» **Data extracts**:
<<<<
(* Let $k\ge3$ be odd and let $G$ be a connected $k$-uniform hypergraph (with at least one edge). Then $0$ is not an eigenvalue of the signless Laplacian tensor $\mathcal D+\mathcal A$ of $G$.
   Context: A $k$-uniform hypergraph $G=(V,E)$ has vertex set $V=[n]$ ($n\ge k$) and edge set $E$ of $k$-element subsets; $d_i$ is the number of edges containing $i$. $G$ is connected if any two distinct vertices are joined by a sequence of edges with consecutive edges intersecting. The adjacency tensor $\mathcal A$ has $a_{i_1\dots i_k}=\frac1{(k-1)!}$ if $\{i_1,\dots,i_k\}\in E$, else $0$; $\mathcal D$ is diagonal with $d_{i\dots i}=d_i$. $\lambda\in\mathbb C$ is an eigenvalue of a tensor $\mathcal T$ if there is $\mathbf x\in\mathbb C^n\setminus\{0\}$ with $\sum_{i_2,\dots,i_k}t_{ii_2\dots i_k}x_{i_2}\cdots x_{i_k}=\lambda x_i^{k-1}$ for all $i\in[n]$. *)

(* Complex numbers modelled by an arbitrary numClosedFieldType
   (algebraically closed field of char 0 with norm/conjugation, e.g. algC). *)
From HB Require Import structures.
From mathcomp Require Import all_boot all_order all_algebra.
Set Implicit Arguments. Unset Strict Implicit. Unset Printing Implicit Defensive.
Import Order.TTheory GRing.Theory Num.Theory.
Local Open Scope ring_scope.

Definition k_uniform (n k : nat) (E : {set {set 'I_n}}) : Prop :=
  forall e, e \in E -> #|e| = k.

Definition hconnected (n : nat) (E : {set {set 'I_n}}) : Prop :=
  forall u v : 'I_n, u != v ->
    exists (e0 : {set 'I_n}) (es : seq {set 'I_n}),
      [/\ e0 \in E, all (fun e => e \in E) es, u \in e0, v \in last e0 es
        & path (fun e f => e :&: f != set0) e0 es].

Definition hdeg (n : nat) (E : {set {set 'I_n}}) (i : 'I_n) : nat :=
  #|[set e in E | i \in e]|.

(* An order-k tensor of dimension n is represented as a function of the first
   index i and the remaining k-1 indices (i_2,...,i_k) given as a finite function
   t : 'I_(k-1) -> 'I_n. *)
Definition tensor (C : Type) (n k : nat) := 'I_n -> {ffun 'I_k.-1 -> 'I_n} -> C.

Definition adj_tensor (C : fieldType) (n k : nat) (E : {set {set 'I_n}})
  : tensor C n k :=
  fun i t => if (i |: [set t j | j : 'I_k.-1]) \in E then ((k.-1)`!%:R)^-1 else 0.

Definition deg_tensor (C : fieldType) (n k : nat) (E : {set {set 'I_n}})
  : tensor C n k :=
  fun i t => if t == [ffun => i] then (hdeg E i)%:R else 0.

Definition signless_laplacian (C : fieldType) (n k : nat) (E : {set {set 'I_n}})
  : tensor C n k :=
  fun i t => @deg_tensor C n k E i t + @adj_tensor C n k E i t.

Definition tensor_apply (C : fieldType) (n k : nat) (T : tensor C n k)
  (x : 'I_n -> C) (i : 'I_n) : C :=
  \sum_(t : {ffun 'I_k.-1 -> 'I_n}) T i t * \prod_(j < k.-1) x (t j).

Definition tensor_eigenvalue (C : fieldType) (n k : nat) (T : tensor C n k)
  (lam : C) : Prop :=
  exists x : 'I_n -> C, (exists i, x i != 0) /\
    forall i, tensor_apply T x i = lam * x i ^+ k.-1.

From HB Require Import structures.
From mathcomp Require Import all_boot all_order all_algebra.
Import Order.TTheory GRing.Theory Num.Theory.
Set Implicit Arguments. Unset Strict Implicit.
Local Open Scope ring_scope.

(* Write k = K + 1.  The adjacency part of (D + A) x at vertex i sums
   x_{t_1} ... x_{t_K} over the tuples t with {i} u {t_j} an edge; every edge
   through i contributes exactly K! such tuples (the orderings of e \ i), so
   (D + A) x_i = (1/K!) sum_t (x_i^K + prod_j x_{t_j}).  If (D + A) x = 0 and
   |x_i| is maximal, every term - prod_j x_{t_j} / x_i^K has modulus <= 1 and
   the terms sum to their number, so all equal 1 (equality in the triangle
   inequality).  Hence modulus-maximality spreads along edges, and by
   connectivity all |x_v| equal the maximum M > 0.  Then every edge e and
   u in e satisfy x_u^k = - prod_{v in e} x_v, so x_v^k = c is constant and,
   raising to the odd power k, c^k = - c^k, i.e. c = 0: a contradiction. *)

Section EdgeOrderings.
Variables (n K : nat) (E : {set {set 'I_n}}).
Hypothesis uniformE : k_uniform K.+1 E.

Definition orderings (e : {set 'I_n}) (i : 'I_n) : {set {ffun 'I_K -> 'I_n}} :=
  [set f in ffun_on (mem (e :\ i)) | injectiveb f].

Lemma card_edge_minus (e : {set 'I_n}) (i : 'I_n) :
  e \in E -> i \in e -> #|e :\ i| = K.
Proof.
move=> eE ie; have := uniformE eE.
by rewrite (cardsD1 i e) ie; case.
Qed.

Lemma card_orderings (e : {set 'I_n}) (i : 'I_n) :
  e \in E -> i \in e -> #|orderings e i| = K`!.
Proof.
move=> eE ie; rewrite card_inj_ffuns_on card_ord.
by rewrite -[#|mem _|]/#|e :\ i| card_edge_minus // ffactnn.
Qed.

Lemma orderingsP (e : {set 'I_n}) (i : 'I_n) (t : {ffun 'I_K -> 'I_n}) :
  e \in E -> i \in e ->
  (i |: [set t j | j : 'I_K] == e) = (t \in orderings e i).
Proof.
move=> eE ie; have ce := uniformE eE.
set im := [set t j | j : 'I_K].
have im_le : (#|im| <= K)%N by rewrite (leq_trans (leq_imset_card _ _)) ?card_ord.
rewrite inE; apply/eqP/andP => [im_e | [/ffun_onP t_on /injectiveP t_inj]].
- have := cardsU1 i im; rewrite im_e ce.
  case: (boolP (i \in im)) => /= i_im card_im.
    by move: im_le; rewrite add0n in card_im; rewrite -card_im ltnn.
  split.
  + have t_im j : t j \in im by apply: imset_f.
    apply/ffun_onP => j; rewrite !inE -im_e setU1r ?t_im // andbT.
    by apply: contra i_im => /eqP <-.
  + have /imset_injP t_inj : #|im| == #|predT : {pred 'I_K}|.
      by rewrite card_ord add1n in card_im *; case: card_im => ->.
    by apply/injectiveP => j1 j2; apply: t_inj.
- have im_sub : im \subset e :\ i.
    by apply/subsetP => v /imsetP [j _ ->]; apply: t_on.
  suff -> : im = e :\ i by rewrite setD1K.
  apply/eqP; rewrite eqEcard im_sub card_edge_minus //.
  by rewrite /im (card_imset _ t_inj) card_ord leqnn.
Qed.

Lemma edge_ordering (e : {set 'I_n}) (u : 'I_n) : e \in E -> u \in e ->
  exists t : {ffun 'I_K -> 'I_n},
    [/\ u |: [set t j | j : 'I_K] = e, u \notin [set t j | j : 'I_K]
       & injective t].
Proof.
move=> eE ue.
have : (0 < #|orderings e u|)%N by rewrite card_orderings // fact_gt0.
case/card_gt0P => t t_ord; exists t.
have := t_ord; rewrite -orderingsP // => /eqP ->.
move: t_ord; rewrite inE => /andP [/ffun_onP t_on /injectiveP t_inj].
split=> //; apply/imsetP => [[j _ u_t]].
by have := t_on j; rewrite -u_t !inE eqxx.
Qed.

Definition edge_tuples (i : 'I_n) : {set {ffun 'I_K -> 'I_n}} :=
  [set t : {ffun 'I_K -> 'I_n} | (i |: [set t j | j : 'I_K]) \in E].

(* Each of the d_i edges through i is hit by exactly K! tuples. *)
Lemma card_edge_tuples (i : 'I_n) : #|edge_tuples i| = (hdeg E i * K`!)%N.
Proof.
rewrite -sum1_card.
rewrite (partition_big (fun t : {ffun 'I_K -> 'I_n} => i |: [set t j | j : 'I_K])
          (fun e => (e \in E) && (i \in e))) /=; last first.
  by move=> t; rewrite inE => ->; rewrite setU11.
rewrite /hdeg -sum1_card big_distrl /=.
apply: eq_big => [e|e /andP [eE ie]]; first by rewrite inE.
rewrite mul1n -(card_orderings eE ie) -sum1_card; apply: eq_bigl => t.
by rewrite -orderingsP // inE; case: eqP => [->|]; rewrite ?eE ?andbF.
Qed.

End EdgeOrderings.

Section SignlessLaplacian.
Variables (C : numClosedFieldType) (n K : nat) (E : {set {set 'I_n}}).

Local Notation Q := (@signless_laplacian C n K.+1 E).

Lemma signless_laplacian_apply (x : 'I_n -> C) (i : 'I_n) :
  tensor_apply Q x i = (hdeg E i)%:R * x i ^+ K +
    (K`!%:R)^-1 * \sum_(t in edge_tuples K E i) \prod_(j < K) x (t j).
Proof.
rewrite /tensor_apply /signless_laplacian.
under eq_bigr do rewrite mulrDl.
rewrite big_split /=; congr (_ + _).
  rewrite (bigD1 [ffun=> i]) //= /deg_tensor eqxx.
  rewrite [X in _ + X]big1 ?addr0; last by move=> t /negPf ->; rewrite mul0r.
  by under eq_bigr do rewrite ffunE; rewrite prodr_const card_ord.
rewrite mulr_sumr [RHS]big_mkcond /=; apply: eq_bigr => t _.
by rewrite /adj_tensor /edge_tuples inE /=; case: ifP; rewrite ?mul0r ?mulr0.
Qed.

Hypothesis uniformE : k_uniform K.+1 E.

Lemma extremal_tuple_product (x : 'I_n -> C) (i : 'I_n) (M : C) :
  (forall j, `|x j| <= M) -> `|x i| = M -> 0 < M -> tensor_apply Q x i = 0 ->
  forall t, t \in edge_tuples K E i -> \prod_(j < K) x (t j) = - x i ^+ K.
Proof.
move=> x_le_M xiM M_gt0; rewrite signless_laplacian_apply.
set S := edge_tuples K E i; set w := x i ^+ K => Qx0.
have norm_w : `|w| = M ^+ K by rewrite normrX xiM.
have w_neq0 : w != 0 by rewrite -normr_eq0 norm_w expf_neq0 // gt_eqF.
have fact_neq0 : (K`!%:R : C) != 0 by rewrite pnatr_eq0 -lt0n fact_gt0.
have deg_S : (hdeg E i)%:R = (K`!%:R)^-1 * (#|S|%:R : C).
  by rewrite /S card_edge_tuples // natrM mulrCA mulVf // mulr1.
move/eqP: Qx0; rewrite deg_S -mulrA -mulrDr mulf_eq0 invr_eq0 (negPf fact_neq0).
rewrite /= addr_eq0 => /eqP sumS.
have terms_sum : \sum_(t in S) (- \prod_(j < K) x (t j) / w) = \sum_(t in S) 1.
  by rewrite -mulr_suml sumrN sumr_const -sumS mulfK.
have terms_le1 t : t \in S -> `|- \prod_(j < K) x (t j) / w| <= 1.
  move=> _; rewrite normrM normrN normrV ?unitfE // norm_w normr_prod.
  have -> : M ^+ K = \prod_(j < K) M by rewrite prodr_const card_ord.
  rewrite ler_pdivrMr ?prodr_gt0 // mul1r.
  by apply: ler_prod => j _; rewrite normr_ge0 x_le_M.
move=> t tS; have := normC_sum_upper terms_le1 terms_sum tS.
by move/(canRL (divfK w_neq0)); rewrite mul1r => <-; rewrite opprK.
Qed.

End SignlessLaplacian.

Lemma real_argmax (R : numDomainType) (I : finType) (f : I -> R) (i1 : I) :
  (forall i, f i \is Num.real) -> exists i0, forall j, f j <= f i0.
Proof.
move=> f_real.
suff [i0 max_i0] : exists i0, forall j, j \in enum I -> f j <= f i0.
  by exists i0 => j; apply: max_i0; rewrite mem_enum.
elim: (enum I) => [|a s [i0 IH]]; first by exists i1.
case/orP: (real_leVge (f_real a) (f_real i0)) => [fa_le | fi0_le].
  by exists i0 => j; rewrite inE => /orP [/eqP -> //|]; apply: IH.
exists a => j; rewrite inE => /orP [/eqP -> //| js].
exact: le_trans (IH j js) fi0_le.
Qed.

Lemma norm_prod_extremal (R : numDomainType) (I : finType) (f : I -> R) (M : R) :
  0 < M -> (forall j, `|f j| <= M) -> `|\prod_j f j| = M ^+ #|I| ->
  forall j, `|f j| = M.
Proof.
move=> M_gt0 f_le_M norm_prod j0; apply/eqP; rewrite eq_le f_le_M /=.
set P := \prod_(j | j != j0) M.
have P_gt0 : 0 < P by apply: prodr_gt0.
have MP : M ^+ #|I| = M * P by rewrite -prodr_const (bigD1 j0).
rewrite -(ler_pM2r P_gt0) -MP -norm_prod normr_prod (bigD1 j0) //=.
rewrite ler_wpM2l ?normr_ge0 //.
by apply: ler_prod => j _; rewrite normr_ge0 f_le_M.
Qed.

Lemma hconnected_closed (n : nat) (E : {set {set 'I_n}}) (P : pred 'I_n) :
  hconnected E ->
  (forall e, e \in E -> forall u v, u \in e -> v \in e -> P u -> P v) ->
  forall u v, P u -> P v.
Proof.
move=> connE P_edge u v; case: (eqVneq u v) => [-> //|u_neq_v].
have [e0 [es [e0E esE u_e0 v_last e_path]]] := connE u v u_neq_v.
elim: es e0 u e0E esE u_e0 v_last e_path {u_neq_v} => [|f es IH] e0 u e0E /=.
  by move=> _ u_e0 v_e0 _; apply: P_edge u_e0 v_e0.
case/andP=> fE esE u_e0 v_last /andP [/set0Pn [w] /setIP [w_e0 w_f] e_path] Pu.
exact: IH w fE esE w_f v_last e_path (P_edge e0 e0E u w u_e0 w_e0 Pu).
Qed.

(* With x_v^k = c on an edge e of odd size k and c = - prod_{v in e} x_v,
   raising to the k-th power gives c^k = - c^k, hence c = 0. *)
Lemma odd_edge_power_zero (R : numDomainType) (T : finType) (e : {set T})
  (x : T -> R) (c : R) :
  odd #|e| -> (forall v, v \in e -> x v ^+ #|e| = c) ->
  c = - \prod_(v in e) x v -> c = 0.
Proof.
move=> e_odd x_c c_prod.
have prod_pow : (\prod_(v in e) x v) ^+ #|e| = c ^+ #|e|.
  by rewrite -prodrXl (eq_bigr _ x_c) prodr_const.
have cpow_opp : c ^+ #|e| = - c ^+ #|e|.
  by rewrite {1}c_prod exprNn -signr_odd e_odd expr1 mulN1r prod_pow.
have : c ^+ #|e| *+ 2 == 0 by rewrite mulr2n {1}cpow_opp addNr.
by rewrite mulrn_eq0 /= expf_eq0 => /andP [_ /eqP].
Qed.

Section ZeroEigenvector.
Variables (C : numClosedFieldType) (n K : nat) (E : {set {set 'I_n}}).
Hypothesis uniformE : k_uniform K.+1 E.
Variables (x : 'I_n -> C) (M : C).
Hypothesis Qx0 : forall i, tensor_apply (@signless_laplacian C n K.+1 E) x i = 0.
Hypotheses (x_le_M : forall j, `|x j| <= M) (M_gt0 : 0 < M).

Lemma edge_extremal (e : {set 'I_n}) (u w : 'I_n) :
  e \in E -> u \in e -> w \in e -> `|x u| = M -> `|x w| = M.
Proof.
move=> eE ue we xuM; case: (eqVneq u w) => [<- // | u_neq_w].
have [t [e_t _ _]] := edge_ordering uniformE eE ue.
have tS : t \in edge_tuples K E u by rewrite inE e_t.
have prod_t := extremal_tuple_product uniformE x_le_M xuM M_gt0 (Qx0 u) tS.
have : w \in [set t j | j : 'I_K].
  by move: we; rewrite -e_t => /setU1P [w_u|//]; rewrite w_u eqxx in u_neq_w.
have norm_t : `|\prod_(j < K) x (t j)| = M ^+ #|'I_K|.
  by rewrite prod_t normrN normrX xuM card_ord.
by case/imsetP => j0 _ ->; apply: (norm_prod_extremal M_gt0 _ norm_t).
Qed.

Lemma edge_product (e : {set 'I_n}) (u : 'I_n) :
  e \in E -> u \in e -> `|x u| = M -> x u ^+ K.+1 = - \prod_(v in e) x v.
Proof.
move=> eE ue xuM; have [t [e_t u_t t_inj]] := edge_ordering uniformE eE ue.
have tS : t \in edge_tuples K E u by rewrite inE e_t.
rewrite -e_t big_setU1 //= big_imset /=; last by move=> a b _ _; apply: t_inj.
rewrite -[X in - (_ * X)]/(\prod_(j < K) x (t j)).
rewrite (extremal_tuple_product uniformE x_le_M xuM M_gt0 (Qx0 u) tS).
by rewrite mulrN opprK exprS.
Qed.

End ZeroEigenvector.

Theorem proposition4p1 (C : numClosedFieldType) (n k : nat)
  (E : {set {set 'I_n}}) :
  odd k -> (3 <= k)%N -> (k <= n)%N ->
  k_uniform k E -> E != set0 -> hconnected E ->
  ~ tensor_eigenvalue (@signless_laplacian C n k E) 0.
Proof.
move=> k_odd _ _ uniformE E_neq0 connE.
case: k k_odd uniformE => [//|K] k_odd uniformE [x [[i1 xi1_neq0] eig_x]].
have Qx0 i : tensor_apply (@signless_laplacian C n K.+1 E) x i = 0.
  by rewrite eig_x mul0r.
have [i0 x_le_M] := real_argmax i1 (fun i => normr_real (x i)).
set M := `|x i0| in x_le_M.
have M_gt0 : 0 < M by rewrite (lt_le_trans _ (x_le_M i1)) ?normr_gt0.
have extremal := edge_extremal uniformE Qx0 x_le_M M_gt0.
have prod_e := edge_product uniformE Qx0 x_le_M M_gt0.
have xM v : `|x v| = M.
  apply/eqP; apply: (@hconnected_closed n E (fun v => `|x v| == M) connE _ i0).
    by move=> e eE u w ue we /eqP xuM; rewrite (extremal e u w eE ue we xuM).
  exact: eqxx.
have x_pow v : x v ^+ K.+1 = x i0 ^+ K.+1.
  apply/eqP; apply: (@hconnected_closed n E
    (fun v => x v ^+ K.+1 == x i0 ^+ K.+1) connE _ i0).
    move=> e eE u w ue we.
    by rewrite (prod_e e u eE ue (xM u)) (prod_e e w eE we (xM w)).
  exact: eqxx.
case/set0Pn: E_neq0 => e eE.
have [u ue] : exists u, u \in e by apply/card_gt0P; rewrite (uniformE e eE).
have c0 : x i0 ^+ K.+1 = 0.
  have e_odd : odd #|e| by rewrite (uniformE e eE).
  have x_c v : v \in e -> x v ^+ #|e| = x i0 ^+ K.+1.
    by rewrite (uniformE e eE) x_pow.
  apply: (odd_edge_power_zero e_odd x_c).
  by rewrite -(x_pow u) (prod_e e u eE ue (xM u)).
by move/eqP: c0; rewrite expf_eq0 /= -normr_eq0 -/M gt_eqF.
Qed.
>>>>
» **Work item**: Search the records for the word "Arguments". Copy every line that has it.

» **Worked solution**:
Set Implicit Arguments. Unset Strict Implicit. Unset Printing Implicit Defensive.
Set Implicit Arguments. Unset Strict Implicit.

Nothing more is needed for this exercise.